[Stored items]
>>

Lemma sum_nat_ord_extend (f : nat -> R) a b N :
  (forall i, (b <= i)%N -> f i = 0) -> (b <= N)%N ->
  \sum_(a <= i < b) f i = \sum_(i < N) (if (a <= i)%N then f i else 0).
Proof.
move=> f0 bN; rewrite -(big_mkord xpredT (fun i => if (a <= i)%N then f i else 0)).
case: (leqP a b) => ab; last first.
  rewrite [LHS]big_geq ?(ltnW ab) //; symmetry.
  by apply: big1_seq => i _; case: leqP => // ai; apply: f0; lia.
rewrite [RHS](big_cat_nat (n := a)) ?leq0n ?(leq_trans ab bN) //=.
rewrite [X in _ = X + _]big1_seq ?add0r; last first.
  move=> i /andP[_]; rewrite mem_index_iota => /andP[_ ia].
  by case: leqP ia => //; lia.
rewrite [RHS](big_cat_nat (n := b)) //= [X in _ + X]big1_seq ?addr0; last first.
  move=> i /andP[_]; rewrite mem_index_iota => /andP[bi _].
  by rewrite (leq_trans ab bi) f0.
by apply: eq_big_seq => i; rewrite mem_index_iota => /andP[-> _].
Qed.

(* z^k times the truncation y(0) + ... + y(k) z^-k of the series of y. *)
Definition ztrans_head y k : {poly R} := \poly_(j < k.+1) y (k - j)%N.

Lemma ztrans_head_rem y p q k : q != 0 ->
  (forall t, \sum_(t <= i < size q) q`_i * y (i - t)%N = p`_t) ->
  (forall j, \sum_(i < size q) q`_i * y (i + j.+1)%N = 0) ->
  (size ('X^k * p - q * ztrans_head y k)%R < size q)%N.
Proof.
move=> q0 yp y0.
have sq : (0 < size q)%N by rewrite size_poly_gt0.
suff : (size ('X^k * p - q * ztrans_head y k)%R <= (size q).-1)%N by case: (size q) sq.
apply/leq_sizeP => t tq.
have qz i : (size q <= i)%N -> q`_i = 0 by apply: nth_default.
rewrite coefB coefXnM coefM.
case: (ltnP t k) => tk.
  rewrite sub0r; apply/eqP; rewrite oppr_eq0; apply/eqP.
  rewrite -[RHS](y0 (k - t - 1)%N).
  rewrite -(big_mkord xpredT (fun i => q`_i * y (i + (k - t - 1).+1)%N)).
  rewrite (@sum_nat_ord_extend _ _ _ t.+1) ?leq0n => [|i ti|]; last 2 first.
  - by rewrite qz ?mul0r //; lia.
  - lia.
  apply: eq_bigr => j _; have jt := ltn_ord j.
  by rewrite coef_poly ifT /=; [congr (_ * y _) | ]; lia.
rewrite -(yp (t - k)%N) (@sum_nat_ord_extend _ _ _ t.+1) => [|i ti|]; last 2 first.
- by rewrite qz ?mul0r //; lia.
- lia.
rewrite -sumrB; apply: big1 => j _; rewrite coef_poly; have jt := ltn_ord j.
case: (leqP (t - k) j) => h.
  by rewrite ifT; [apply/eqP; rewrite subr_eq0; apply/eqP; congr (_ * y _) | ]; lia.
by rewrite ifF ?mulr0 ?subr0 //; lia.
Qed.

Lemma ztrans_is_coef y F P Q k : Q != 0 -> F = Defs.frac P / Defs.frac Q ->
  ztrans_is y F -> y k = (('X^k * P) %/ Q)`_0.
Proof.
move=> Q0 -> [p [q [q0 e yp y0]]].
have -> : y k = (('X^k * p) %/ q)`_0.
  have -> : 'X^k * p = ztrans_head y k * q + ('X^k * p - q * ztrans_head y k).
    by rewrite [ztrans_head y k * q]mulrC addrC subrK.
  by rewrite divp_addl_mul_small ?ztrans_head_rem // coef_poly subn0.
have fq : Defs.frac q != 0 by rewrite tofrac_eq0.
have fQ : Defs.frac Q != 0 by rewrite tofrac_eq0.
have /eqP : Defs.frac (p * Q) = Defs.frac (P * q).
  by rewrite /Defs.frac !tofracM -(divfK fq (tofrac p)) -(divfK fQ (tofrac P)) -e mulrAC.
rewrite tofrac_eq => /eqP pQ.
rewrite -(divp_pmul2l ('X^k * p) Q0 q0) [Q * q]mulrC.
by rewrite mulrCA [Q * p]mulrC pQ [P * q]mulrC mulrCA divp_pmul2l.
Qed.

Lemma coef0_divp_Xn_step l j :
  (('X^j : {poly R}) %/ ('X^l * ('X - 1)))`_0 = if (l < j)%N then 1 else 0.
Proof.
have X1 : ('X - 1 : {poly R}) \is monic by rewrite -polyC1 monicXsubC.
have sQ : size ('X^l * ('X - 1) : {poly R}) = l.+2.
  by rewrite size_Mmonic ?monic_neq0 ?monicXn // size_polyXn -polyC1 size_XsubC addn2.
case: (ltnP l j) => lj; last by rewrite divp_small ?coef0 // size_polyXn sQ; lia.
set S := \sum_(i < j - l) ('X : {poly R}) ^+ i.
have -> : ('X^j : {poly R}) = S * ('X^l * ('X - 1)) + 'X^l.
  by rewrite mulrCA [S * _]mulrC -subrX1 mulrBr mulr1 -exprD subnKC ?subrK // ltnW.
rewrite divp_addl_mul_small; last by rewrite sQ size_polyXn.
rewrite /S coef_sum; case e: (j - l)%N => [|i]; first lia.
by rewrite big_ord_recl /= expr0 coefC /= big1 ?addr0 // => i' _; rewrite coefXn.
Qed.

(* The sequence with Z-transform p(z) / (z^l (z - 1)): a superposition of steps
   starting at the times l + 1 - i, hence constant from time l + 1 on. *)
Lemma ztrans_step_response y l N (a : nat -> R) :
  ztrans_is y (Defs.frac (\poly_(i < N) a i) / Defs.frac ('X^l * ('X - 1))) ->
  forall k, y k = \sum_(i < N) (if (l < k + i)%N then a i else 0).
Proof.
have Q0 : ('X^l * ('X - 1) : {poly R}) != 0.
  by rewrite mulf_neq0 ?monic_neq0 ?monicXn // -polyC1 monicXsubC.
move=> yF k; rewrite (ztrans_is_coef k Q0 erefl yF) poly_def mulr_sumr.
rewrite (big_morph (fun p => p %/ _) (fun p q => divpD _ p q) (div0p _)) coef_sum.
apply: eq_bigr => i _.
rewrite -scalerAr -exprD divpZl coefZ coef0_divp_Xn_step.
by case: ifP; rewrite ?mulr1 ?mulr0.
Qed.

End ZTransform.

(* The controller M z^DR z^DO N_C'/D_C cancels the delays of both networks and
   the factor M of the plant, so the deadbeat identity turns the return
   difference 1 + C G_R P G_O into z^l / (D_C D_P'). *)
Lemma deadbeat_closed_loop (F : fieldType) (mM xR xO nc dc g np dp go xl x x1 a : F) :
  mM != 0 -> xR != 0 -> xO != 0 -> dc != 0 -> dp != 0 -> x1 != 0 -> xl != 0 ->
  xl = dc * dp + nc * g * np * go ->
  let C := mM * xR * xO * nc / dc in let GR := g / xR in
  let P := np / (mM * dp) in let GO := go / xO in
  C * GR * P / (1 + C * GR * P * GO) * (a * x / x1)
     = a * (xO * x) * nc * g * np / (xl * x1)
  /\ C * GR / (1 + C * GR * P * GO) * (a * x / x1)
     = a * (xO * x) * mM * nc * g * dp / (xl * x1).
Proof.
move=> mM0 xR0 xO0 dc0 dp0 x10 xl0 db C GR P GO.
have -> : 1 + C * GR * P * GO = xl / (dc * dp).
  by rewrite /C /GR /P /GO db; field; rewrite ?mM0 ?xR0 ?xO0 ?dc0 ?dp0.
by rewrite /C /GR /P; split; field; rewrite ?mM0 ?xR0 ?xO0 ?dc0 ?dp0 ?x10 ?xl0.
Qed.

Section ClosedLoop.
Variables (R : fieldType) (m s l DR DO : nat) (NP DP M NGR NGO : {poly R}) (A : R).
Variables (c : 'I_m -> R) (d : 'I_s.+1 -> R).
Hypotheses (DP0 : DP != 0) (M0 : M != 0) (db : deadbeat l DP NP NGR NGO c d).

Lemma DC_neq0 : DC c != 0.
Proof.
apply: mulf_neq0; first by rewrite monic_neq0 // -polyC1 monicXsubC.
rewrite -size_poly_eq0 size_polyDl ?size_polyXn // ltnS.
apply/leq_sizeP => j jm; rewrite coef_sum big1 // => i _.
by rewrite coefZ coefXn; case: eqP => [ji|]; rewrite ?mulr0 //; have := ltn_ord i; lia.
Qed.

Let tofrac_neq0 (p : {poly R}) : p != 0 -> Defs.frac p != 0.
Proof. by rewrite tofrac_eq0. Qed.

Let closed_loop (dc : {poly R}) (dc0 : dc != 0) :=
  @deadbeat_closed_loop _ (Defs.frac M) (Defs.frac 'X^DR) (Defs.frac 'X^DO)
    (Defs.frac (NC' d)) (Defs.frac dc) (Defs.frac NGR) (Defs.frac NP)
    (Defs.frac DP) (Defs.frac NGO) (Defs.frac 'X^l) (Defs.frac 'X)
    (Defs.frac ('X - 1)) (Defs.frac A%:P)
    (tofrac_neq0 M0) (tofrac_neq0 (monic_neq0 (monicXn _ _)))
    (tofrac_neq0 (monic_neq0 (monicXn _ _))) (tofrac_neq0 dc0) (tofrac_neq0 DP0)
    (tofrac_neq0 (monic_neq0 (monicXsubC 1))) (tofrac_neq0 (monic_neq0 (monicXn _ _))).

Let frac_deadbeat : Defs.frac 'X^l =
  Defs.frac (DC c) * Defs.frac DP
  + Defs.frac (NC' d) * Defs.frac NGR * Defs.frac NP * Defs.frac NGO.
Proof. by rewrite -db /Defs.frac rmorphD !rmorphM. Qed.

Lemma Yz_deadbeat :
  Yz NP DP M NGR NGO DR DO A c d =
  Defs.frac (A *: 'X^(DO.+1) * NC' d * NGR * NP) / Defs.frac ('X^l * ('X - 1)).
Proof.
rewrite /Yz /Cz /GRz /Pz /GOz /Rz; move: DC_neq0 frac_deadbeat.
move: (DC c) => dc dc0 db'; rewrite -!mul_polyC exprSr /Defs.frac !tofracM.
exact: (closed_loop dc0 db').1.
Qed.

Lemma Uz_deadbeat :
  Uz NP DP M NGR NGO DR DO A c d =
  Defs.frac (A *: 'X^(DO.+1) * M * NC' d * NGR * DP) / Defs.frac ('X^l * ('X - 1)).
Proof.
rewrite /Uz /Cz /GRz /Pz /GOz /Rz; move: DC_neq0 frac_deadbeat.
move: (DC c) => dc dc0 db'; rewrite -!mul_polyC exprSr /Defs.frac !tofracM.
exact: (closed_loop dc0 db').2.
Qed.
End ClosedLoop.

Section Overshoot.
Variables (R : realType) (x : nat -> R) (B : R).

<<

## Task item
Provide the count of lines above containing "else", without any added words.

## Finished task
4